We are excited to announce our new essay series: ‘Spaces of Empire’.
Information about the series and contributions can be found below.
Guest Editor: Mahshid Mayar
Entry Length: ca. 1500 words
Submission Deadline: August 15, 2020
Few other concepts in US history have proven as impossible as ’empire’: the term continues to be tough to pin down with a clear-cut definition and tricky to use in reference to the nation’s history. Indeed, despite its currency in 21st century discourses that grapple with the many manifestations of US global power and its practices, mapping the spaces of US Empire in scholarship has been difficult. As the United States expanded first across the American continent and later overseas at the beginning of the 20th century, expounding an anti-imperialist rhetoric that rejected European models of colonialism, it nonetheless colonised minds, mines, and markets. Probing this history has proven to be one of the most challenging, yet enduring, intellectual endeavours of recent years.

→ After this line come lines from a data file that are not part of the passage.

Theorem corollary4p2 (m : nat) (sigma tau : seq nat) :
  0 < m -> composition m sigma -> composition m tau ->
  (* bar T is the quasi-array of size m with pi_sigma(bar T) = T *)
  (forall T, is_qrt sigma T ->
     is_qarray m (qbar sigma T) /\
     (forall i j, in_ribbon sigma i j -> qbar sigma T i j = T i j)) /\
  (* Psi maps vertices of Gamma(hypo,sigma) to vertices of Gamma(hypo,tau) *)
  (forall T, is_qrt sigma T -> is_qrt tau (Psi sigma tau T)) /\
  (forall T1 T2, is_qrt sigma T1 -> is_qrt sigma T2 ->
     colread sigma T1 = colread sigma T2 ->
     colread tau (Psi sigma tau T1) = colread tau (Psi sigma tau T2)) /\
  (* injective *)
  (forall T1 T2, is_qrt sigma T1 -> is_qrt sigma T2 ->
     colread tau (Psi sigma tau T1) = colread tau (Psi sigma tau T2) ->
     colread sigma T1 = colread sigma T2) /\
  (* surjective *)
  (forall T', is_qrt tau T' ->
     exists T, is_qrt sigma T /\ colread tau (Psi sigma tau T) = colread tau T') /\
  (* preserves and reflects (unlabelled) edges *)
  (forall T1 T2, is_qrt sigma T1 -> is_qrt sigma T2 ->
     (gamma_edge (colread sigma T1) (colread sigma T2) <->
      gamma_edge (colread tau (Psi sigma tau T1)) (colread tau (Psi sigma tau T2)))).
Proof.
move=> _ sigma_comp tau_comp.
have colread_PsiP := colread_Psi sigma_comp tau_comp.
split.
  move=> T T_qrt.
  by split; [exact: qbar_qarray sigma_comp T_qrt | exact: qbar_on_ribbon sigma_comp T_qrt].
split; first exact: Psi_qrt sigma_comp tau_comp.
split; first by move=> T1 T2 T1_qrt T2_qrt /(colread_PsiP _ _ T1_qrt T2_qrt).
split; first by move=> T1 T2 T1_qrt T2_qrt /(colread_PsiP _ _ T1_qrt T2_qrt).
split; last exact: gamma_edge_Psi sigma_comp tau_comp.
move=> T' T'_qrt; have T_qrt := Psi_qrt tau_comp sigma_comp T'_qrt.
exists (Psi tau sigma T'); split=> //.
apply/(colread_qbarP tau_comp (Psi_qrt sigma_comp tau_comp T_qrt) T'_qrt) => k hk.
by rewrite (qbar_Psi sigma_comp tau_comp) ?(qbar_Psi tau_comp sigma_comp).
Qed.
(* Let $d\in\mathbb{N}$. For every $n\ge 2d$ and $\ell\in\mathbb{N}$, viewing cones of symmetric forms as subsets of $\mathbb{R}^{\pi(2d)}$ via coefficients in the bases $\{p^{(m)}_\lambda:\lambda\vdash 2d\}$, we have $\mathcal{P}^S_{\ell n,2d}\subseteq\mathcal{P}^S_{n,2d}$. That is, if $(c_\lambda)$ is such that $\sum_\lambda c_\lambda p^{(\ell n)}_\lambda$ is nonnegative on $\mathbb{R}^{\ell n}$, then $\sum_\lambda c_\lambda p^{(n)}_\lambda$ is nonnegative on $\mathbb{R}^n$.
   Context: $p_i^{(m)}=\frac1m(x_1^i+\dots+x_m^i)$, $p^{(m)}_\lambda=\prod_i p^{(m)}_{\lambda_i}$ for a partition $\lambda$; $\pi(2d)$ is the number of partitions of $2d$; for $m\ge 2d$, $\{p^{(m)}_\lambda:\lambda\vdash 2d\}$ is a basis of the space of symmetric forms of degree $2d$ in $m$ variables. $\mathcal{P}^S_{m,2d}$ is the cone of nonnegative symmetric forms of degree $2d$ in $m$ variables. *)

From HB Require Import structures.
From mathcomp Require Import all_boot all_order all_algebra.
From mathcomp Require Import reals.
Set Implicit Arguments. Unset Strict Implicit. Unset Printing Implicit Defensive.
Import Order.TTheory GRing.Theory Num.Theory.
Local Open Scope ring_scope.

Definition is_partition (k : nat) (la : seq nat) : bool :=
  [&& sorted geq la, all (fun i => 0 < i)%N la & sumn la == k].

(* The (finite, duplicate-free) list of all partitions of k: every partition of
   k has at most k parts, each at most k, so it arises from some k-tuple with
   entries in 'I_(k.+1) by deleting zeros. *)
Definition partitions (k : nat) : seq (seq nat) :=
  undup [seq la <- [seq [seq i <- map val (tval t) | (0 < i)%N]
                    | t : k.-tuple 'I_k.+1] | is_partition k la].

Definition psum {R : realType} (m : nat) (i : nat) (x : 'I_m -> R) : R :=
  (m%:R)^-1 * \sum_(j < m) x j ^+ i.

Definition ppart {R : realType} (m : nat) (la : seq nat) (x : 'I_m -> R) : R :=
  \prod_(i <- la) psum i x.

Definition symform {R : realType} (k : nat) (c : seq nat -> R) (m : nat)
  (x : 'I_m -> R) : R :=
  \sum_(la <- partitions k) c la * ppart la x.

Definition nonneg_form {R : realType} (k : nat) (c : seq nat -> R) (m : nat) : Prop :=
  forall x : 'I_m -> R, 0 <= symform k c x.

From HB Require Import structures.
From mathcomp Require Import all_boot all_order all_algebra.
From mathcomp Require Import reals.
Import Order.TTheory GRing.Theory Num.Theory.
Local Open Scope ring_scope.

(* Concatenating l copies of x in R^n gives a point of R^(l n) at which every
   normalized power sum p_i^(l n) takes the value p_i^(n)(x); hence every form
   sum_la c_la p_la^(l n) takes at that point the value of sum_la c_la p_la^(n)
   at x, and nonnegativity transfers from l n variables to n variables. *)

(* The index k of 'I_(l * n) stands for the pair (i, j) of 'I_l * 'I_n with
   mxvec_index i j = k, and the k-th entry is the j-th entry of x. *)
Definition repeat_vec {T : Type} (l : nat) {n : nat} (x : 'I_n -> T) : 'I_(l * n) -> T :=
  fun k => x (enum_val (cast_ord (esym (mxvec_cast l n)) k)).2.

Lemma repeat_vec_mxvec_index {T : Type} (l : nat) {n : nat} (x : 'I_n -> T)
    (i : 'I_l) (j : 'I_n) :
  repeat_vec l x (mxvec_index i j) = x j.
Proof. by rewrite /repeat_vec cast_ordK enum_rankK. Qed.

Lemma sum_repeat_vec {T : Type} {V : nmodType} (l : nat) {n : nat}
    (x : 'I_n -> T) (F : T -> V) :
  \sum_(k < l * n) F (repeat_vec l x k) = (\sum_(j < n) F (x j)) *+ l.
Proof.
rewrite (reindex _ (curry_mxvec_bij l n)) /=.
rewrite (eq_bigr (fun p => F (x p.2))) => [|[i j] _]; last first.
  by rewrite /= repeat_vec_mxvec_index.
rewrite -(pair_big xpredT xpredT (fun _ j => F (x j))) /=.
by rewrite sumr_const card_ord.
Qed.

Section RepeatVec.

Variables (R : realType) (l n : nat).
Hypothesis l_gt0 : (0 < l)%N.

Lemma psum_repeat_vec (i : nat) (x : 'I_n -> R) :
  psum i (repeat_vec l x) = psum i x.
Proof.
have l_neq0 : l%:R != 0 :> R by rewrite pnatr_eq0 -lt0n.
rewrite /psum (sum_repeat_vec l x (fun t => t ^+ i)) -[_ *+ l]mulr_natr.
by rewrite natrM invfM [_ * l%:R]mulrC mulrACA mulVf // mul1r.
Qed.

Lemma ppart_repeat_vec (la : seq nat) (x : 'I_n -> R) :
  ppart la (repeat_vec l x) = ppart la x.
Proof. by apply: eq_bigr => i _; rewrite psum_repeat_vec. Qed.

Lemma symform_repeat_vec (k : nat) (c : seq nat -> R) (x : 'I_n -> R) :
  symform k c (repeat_vec l x) = symform k c x.
Proof. by apply: eq_bigr => la _; rewrite ppart_repeat_vec. Qed.

End RepeatVec.

(* The bound 2 d <= n only makes the p_la a basis; the inclusion of cones of
   coefficient vectors holds for every n. *)
Theorem proposition3p5 (R : realType) (d n l : nat) :
  (2 * d <= n)%N -> (0 < l)%N ->
  forall c : seq nat -> R,
    nonneg_form (2 * d) c (l * n) -> nonneg_form (2 * d) c n.
Proof.
move=> _ l_gt0 c nonneg_ln x.
rewrite -(symform_repeat_vec R l n l_gt0 (2 * d) c x).
exact: (nonneg_ln (repeat_vec l x)).
Qed.
(* Let $A,B\in\mathcal{M}_n$, let $\psi\colon H^*(M(A);\mathbb{Z})\to H^*(M(B);\mathbb{Z})$ be a graded ring isomorphism (also denoting its rationalization by $\psi$), and let $\sigma$ be a permutation of $\{1,\dots,n\}$ and $q_1,\dots,q_n$ nonzero rationals with $\psi(y^A_j)=q_jy^B_{\sigma(j)}$ for all $j$. Suppose $q_j=\pm\tfrac12$ for some $j$. Then there are $i<j$ and $c\in\mathbb{Z}\setminus\{0\}$ such that $\alpha^A_j=cy^A_i$. If $\alpha^A_j$ is not of even exceptional type, then $c$ is odd and $q_i=\pm2$. If neither $\alpha^A_j$ nor $\alpha^B_{\sigma(i)}$ is of even exceptional type, then $\alpha^B_{\sigma(i)}=d\,y^B_{\sigma(j)}$ for some odd integer $d$.
   Context: Let $\mathcal{M}_n$ be the set of integral strictly upper triangular $n\times n$ matrices $A=(A^i_j)$ ($A^i_j$ is the $(i,j)$ entry, and $A^i_j=0$ for $i\ge j$). For $A\in\mathcal{M}_n$, $M(A)$ denotes the Bott manifold obtained as the quotient of $(S^3)^n$ ($S^3\subset\mathbb{C}^2$ the unit sphere) by the free $(S^1)^n$-action $(g_1,\dots,g_n)\cdot((z_1,w_1),\dots,(z_n,w_n))=\big(((\prod_{k<j}g_k^{-A^k_j})g_jz_j,\ g_jw_j)\big)_{j=1}^n$. Let $x^A_j\in H^2(M(A);\mathbb{Z})$ be the first Chern class of the line bundle obtained as the quotient of $(S^3)^n\times\mathbb{C}$ where $g$ acts on the $\mathbb{C}$-factor by $g_j^{-1}$. Put $\alpha^A_j=\sum_{i<j}A^i_jx^A_i$. Then $H^*(M(A);\mathbb{Z})=\mathbb{Z}[x^A_1,\dots,x^A_n]/((x^A_j)^2-\alpha^A_jx^A_j\mid j=1,\dots,n)$. Define $y^A_j=x^A_j-\tfrac12\alpha^A_j\in H^2(M(A);\mathbb{Q})$. The same notation is used for $B$. We say $\alpha^A_j$ is of exceptional type if $\alpha^A_j=cy^A_i$ for some nonzero integer $c$ and some $i<j$, and of even exceptional type if moreover this integer $c$ is even. *)

From HB Require Import structures.
From mathcomp Require Import all_boot all_order all_algebra all_fingroup.
From mathcomp Require Import mpoly.
Set Implicit Arguments. Unset Strict Implicit. Unset Printing Implicit Defensive.
Import Order.TTheory GRing.Theory Num.Theory.
Local Open Scope ring_scope.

In light of this vibrant scholarly environment, and following Arjun Appadurai’s take on the notion of ‘scapes,’ the proposed essay series Spaces of Empire re-visits the many sites of construction, negotiation, and negation that have given shape to our 21st-century conceptions of the US Empire. By bringing together contributions that attend to the historical, literary, inter-medial, cultural, (meta-)geographical, and political practices and perceptions of empire, the series’ objective is to arrive at a fresh understanding of the fate and forms of American empire exercised over the course of almost three centuries. In so doing, the series invites scholarly contributions that examine the domestic and global spaces and agencies that have produced, promoted, refurbished, recorded, ludified, re-garbed, or revolted against the notion and practice of empire as well as its many and varied (meta-)geographic materializations.

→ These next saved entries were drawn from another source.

Lemma after_cut_prof s s' v : prof (K + size v) s s' -> after_cut s v -> after_cut s' v.
Proof.
move=> H [u [e [h1 h2 h3]]]; exists u, e; split => //.
case: h3 => [h|[v' [ev h]]]; [left|right; exists v'; split=> //].
  by rewrite -H // size_cat size_rcons; lia.
by rewrite -H // size_cat ev /=; lia.
Qed.

Lemma cut_prof s s' j j' K2 : max_cut s j -> max_cut s' j' ->
  prof (K + K2) s s' -> prof K2 (drop j s) (drop j' s').
Proof.
move=> mj mj' H v hv; case: (eqVneq v [::]) => [->|vn]; first by rewrite !sub0seq.
have H' : prof (K + size v) s s' by apply: prof_le H; rewrite leq_add2l.
apply/idP/idP => h.
  exact/(after_cut_sound mj')/(after_cut_prof H')/(after_cut_complete mj).
exact/(after_cut_sound mj)/(after_cut_prof (prof_sym H'))/(after_cut_complete mj').
Qed.

Lemma max_cut_prof s j n : max_cut s j -> n <= size s ->
  prof K (take n s) P -> prof K (take j s) P /\ n <= j.
Proof.
case=> js okj mj ns H.
have okn : prefix_ok s n by move=> w hw hs; rewrite -H.
have nj := mj _ ns okn; split => // w hw; apply/idP/idP => h; first exact: okj.
by rewrite -H // in h; apply: subseq_trans h (subseq_take_le _ nj).
Qed.

End Cut.

Section Absorb.
Variable A : finType.
Implicit Types (s t P Q : seq A).

Lemma prefix_absorb K K2 P s s' j : max_cut K P s j -> prof (K + K2) s s' ->
  (exists2 n, n <= size s' & prof K (take n s') P) ->
  exists j', prof K (take j' s') P /\ prof K2 (drop j s) (drop j' s').
Proof.
move=> mj hp [n ns hn]; have [j' mj'] := max_cut_ex K P s'.
exists j'; split; first by case: (max_cut_prof mj' ns hn).
exact: cut_prof mj mj' hp.
Qed.

(* The mirror image: maximal absorption of a suffix equivalent to [Q];
   [k] is the position in [s] where the absorbed suffix starts. *)
Definition max_sfx_cut K Q s k := k <= size s /\ max_cut K (rev Q) (rev s) (size s - k).

Lemma max_sfx_cut_ex K Q s : exists k, max_sfx_cut K Q s k.
Proof.
have [i mi] := max_cut_ex K (rev Q) (rev s); have [hi _ _] := mi.
by rewrite size_rev in hi; exists (size s - i); rewrite /max_sfx_cut leq_subr subKn.
Qed.

Lemma max_sfx_cut_prof K Q s k n : max_sfx_cut K Q s k -> n <= size s ->
  prof K (drop n s) Q -> prof K (drop k s) Q /\ k <= n.
Proof.
move=> [ks mk] ns H.
have H' : prof K (take (size s - n) (rev s)) (rev Q).
  by rewrite take_rev subKn //; apply: prof_rev.
have nrs : size s - n <= size (rev s) by rewrite size_rev leq_subr.
have [+ le] := max_cut_prof mk nrs H'.
rewrite take_rev subKn // => /prof_rev; rewrite !revK => hk; split=> //; lia.
Qed.

Lemma suffix_absorb K K2 Q s s' k : max_sfx_cut K Q s k -> prof (K + K2) s s' ->
  (exists2 n, n <= size s' & prof K (drop n s') Q) ->
  exists k', prof K (drop k' s') Q /\ prof K2 (take k s) (take k' s').
Proof.
move=> [ks mk] hp [n ns hn]; have [k' mk'] := max_sfx_cut_ex K Q s'.
exists k'; split; first by case: (max_sfx_cut_prof mk' ns hn).
have [ks' mk''] := mk'; have := cut_prof mk mk'' (prof_rev hp).
by rewrite !drop_rev !subKn // => /prof_rev; rewrite !revK.
Qed.

End Absorb.

Section Arches.
Variable A : finType.
Implicit Types (s t : seq A) (B : {set A}).

Fixpoint arch (n : nat) B s : Prop :=
  if n is n'.+1 then exists i, B \subset alph (take i s) /\ arch n' B (drop i s)
  else True.

Lemma arch_blocks n B s : arch n B s -> exists ps : seq (seq A),
  [/\ size ps = n, all (fun p => B \subset alph p) ps,
      all (fun p => size p <= #|A|) ps & subseq (flatten ps) s].
Proof.
elim: n s => [|n IH] s /=; first by move=> _; exists [::]; rewrite sub0seq.
case=> i [hB /IH [ps [h1 h2 h3 h4]]].
exists (undup (take i s) :: ps); split => /=; first by rewrite h1.
- rewrite h2 andbT; apply: subset_trans hB _; apply/subsetP => x.
  by rewrite !inE mem_undup.
- rewrite h3 andbT; have /card_uniqP <- := undup_uniq (take i s); exact: max_card.
- by apply: subseq_join h4; exact: undup_subseq.
Qed.

Lemma blocks_arch n B s (ps : seq (seq A)) : size ps = n ->
  all (fun p => B \subset alph p) ps -> subseq (flatten ps) s -> arch n B s.
Proof.
elim: ps n s => [|p ps IH] [|n] s //= [hn] /andP[hp hps] /subseq_split [i [h1 h2]].
exists i; split; last exact: IH.
by apply: subset_trans hp (alph_sub h1).
Qed.

Lemma arch_prof n B s s' : prof (n * #|A|) s s' -> arch n B s -> arch n B s'.
Proof.
move=> H /arch_blocks [ps [h1 h2 h3 h4]]; apply: (blocks_arch h1 h2).
rewrite -H // size_flatten -h1.
elim: ps h3 {h1 h2 h4} => [|p ps IH] //= /andP[hp hps].
by rewrite mulSn; apply: leq_add => //; exact: IH.
Qed.

Lemma arch_mono n n' B s : n' <= n -> arch n B s -> arch n' B s.
Proof.
elim: n' n s => [|n' IH] [|n] s //= le [i [h1 h2]]; exists i; split=> //; exact: IH h2.
Qed.

Lemma arch1 B s : B \subset alph s -> arch 1 B s.
Proof. by move=> h; exists (size s); rewrite take_size. Qed.

Lemma arch_cat n B s1 s2 : B \subset alph s1 -> arch n B s2 -> arch n.+1 B (s1 ++ s2).
Proof. by move=> h1 h2; exists (size s1); rewrite take_size_cat // drop_size_cat. Qed.

End Arches.

Section Skeletons.
Variable A : finType.
Variable m : nat.
Implicit Types (s t u v w P Q R : seq A) (B C : {set A}).

Inductive item := Lt of A | Zn of {set A}.

Definition zone B z := [/\ B != set0, all (fun x => x \in B) z & arch m B z].

Fixpoint parse s (S : seq item) : Prop :=
  match S with
  | [::] => s = [::]
  | Lt a :: S' => exists s', s = a :: s' /\ parse s' S'
  | Zn B :: S' => exists z s', [/\ s = z ++ s', zone B z & parse s' S']
  end.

Possible sites to examine include, though are not limited to, the following:
- American homes and churches
- schools and university campuses
- US military bases
- digital gameworlds
- periodical press and social media
- cartography workshops
- the entertainment industry
- US overseas colonies, quasi-colonised spaces, and inland internment camps
- incarceration sites and border walls, and
- historical archives as well as works of fiction
Contributions (essays and book reviews), 1500 words excluding bibliography, should be submitted as Word documents to usso@baas.ac.uk by August 15, 2020. Each contribution should be accompanied by the author’s short academic bio (ca. 150 words). For any inquiries, please contact the series’ editor, Mahshid Mayar [she/her], at mahshid.mayar@uni-bielefeld.de.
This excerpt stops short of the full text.